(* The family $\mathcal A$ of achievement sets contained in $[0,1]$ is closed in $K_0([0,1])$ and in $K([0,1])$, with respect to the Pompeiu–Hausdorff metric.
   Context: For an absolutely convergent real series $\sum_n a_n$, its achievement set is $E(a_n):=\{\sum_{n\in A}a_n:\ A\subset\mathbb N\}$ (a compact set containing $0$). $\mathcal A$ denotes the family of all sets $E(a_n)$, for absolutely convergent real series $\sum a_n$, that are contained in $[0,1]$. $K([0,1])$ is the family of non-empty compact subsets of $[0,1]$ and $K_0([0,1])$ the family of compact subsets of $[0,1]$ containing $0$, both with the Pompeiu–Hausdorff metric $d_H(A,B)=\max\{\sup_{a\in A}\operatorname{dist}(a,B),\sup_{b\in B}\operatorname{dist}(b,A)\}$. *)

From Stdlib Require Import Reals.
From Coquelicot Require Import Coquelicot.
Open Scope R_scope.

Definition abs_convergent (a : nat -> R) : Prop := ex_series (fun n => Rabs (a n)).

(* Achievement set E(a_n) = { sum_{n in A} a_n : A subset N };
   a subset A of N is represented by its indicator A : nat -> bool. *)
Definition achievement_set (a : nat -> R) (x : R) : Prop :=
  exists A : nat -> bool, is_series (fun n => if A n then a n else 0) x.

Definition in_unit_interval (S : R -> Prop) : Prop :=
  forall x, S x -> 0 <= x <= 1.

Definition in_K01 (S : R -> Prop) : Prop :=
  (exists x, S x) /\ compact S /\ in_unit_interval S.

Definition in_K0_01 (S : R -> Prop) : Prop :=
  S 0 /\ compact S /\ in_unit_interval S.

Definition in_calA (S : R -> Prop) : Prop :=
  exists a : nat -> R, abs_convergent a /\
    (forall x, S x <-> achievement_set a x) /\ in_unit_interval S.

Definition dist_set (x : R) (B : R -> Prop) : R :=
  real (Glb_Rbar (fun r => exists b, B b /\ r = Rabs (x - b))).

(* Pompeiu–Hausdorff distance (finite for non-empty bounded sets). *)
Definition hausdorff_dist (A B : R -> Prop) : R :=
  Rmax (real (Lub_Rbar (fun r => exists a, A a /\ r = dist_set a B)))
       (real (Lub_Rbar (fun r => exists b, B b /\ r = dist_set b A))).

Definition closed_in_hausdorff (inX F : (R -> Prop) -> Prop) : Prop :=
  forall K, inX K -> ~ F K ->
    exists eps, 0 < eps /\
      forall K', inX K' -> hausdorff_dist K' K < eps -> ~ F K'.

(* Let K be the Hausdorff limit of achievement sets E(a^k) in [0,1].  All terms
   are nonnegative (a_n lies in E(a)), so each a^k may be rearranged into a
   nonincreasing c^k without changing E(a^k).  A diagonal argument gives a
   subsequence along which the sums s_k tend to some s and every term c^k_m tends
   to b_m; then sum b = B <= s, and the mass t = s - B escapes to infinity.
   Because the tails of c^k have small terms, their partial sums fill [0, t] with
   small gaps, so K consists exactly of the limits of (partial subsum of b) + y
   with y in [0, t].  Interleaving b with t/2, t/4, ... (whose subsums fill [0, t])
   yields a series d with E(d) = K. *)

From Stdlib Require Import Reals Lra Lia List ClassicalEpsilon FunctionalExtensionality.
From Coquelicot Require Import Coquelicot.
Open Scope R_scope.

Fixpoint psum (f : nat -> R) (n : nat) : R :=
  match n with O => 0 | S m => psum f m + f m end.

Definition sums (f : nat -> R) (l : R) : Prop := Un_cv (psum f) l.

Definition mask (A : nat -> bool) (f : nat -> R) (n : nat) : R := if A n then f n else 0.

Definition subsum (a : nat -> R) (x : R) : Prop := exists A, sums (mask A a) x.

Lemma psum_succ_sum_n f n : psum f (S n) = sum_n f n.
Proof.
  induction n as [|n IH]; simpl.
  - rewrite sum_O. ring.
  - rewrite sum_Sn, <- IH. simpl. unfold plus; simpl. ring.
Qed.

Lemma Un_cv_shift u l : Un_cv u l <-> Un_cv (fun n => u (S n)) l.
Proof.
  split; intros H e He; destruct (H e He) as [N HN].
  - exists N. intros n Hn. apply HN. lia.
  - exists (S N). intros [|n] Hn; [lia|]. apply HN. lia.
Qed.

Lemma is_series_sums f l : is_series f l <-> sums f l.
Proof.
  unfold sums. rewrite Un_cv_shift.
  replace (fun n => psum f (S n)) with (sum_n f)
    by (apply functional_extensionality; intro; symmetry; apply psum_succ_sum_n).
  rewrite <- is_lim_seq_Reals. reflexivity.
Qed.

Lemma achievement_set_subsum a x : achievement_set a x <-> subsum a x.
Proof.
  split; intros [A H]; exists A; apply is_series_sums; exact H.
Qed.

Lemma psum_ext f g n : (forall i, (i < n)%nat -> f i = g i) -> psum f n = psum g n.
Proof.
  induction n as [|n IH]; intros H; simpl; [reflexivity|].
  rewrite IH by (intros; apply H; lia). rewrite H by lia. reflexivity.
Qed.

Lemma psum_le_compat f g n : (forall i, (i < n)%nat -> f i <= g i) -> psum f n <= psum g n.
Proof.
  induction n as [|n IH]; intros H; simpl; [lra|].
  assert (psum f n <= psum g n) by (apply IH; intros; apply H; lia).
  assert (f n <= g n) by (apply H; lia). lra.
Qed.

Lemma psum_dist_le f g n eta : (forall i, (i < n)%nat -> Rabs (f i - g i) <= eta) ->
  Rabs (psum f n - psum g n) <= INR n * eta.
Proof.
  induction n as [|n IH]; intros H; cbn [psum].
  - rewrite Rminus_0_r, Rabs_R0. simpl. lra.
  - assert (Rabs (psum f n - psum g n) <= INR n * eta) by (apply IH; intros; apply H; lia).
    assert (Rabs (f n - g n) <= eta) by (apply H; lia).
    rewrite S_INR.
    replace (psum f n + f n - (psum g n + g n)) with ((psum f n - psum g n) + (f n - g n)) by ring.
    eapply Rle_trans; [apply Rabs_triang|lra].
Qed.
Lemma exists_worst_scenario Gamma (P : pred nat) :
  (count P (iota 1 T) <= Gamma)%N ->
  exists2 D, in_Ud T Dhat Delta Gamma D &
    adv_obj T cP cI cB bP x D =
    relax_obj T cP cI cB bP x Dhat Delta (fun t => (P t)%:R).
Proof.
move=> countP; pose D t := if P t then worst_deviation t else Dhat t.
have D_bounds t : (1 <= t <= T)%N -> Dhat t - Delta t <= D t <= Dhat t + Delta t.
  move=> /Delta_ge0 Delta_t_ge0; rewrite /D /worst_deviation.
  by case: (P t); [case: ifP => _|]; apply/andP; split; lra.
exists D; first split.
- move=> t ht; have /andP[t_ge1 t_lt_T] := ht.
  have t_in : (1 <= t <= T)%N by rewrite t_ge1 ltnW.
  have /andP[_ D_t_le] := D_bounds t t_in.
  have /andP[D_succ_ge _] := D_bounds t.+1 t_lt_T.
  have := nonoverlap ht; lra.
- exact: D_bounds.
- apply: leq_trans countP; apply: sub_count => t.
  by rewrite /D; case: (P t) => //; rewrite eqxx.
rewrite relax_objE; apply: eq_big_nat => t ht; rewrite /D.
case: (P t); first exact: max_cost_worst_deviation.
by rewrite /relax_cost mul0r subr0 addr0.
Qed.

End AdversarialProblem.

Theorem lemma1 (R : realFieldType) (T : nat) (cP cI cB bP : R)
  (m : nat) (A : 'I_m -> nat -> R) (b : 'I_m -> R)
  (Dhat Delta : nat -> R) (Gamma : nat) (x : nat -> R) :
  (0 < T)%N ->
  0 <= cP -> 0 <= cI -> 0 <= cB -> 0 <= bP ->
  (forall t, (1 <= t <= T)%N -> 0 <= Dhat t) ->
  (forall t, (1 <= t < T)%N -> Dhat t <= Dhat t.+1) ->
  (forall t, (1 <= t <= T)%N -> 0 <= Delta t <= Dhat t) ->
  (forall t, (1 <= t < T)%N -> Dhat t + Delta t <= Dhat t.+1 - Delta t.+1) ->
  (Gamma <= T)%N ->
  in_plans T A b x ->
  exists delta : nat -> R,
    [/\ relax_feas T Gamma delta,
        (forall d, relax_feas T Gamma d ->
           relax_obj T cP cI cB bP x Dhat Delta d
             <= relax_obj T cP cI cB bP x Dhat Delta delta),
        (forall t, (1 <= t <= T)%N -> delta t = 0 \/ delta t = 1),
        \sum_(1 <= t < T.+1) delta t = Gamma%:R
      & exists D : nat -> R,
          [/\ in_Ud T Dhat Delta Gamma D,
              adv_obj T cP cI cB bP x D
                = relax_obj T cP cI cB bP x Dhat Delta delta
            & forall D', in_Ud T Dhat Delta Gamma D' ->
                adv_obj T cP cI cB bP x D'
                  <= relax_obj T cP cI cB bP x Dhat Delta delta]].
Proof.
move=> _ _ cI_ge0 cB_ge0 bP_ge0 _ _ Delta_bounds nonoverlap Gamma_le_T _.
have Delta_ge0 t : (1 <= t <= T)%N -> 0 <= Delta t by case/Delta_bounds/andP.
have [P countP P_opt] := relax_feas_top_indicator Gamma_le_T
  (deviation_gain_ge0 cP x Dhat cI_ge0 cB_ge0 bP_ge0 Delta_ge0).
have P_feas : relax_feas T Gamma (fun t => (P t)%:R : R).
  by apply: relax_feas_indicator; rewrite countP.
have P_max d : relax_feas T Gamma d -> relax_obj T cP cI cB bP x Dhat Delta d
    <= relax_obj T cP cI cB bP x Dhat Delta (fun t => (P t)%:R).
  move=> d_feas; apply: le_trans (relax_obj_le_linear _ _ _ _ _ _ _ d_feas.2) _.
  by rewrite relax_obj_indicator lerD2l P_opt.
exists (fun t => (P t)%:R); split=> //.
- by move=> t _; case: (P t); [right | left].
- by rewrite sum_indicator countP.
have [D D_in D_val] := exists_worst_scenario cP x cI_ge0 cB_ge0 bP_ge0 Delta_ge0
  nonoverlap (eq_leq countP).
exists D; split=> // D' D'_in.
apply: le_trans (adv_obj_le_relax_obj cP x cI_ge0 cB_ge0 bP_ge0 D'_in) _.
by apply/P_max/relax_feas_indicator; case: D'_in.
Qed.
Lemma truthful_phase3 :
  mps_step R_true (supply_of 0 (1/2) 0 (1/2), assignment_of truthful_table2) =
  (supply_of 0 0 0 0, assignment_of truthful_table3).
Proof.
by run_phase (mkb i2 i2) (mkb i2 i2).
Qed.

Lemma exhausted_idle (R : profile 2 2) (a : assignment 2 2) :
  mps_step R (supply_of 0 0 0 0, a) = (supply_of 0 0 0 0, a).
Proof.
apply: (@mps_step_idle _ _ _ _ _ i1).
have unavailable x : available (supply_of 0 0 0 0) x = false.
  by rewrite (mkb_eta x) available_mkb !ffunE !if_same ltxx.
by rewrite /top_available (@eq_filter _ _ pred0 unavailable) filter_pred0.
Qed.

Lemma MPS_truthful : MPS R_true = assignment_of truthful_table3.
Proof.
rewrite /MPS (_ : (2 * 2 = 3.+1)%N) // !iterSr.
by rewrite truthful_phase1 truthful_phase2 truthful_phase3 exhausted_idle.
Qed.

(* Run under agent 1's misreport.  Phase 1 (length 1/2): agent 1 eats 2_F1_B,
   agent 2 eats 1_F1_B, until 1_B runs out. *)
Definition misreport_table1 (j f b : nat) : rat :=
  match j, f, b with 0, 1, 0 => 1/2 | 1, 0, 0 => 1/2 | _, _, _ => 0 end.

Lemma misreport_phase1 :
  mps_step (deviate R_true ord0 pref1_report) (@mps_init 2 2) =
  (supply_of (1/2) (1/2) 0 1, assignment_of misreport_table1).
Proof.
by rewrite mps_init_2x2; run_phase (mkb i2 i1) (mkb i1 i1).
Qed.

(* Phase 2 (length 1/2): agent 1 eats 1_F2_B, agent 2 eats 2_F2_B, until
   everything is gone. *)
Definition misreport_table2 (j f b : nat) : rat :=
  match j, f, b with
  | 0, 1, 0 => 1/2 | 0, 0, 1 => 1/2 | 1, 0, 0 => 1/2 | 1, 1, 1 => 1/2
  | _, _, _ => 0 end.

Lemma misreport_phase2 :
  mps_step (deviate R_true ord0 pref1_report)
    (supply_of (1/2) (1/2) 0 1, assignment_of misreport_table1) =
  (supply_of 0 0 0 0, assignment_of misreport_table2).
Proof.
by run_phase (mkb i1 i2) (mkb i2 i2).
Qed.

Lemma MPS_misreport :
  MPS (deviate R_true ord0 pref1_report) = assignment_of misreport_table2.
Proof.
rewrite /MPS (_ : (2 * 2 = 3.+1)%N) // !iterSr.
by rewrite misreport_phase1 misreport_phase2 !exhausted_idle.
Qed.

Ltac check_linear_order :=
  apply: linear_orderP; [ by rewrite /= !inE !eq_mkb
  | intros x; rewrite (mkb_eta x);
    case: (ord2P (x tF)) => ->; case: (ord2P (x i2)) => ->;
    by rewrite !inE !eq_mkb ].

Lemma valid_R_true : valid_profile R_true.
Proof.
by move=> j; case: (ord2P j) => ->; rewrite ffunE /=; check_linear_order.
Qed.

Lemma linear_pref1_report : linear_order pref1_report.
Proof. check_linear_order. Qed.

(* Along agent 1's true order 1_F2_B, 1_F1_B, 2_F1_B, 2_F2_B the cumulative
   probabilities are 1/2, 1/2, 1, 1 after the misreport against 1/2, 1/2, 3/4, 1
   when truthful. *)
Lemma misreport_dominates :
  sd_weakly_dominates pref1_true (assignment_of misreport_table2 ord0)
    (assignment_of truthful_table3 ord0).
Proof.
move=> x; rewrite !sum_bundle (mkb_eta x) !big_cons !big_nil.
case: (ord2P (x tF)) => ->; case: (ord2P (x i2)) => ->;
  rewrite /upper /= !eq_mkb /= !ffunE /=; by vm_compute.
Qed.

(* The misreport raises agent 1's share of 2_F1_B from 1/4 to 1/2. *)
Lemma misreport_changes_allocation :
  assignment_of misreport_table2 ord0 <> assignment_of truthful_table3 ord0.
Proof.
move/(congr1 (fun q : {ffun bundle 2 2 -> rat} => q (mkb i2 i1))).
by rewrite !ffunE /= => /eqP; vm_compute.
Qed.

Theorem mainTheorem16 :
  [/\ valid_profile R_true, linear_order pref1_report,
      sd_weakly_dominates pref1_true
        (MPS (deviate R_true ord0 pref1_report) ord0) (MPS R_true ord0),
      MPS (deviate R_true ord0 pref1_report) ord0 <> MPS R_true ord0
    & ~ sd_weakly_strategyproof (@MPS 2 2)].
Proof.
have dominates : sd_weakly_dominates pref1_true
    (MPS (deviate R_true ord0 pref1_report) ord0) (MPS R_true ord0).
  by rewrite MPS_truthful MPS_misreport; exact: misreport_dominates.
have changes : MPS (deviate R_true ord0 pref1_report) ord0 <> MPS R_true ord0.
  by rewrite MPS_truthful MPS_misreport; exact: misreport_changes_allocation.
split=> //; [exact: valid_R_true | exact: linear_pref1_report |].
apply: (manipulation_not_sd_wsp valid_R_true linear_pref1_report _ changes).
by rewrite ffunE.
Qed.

*-*-*

WHAT YOU WILL DO:
Output exactly the lines of the material above from the one containing "to b_m; then" up to and including the one containing "with y in [0, t].".

RESPONSE AREA:
   to b_m; then sum b = B <= s, and the mass t = s - B escapes to infinity.
   Because the tails of c^k have small terms, their partial sums fill [0, t] with
   small gaps, so K consists exactly of the limits of (partial subsum of b) + y
   with y in [0, t].  Interleaving b with t/2, t/4, ... (whose subsums fill [0, t])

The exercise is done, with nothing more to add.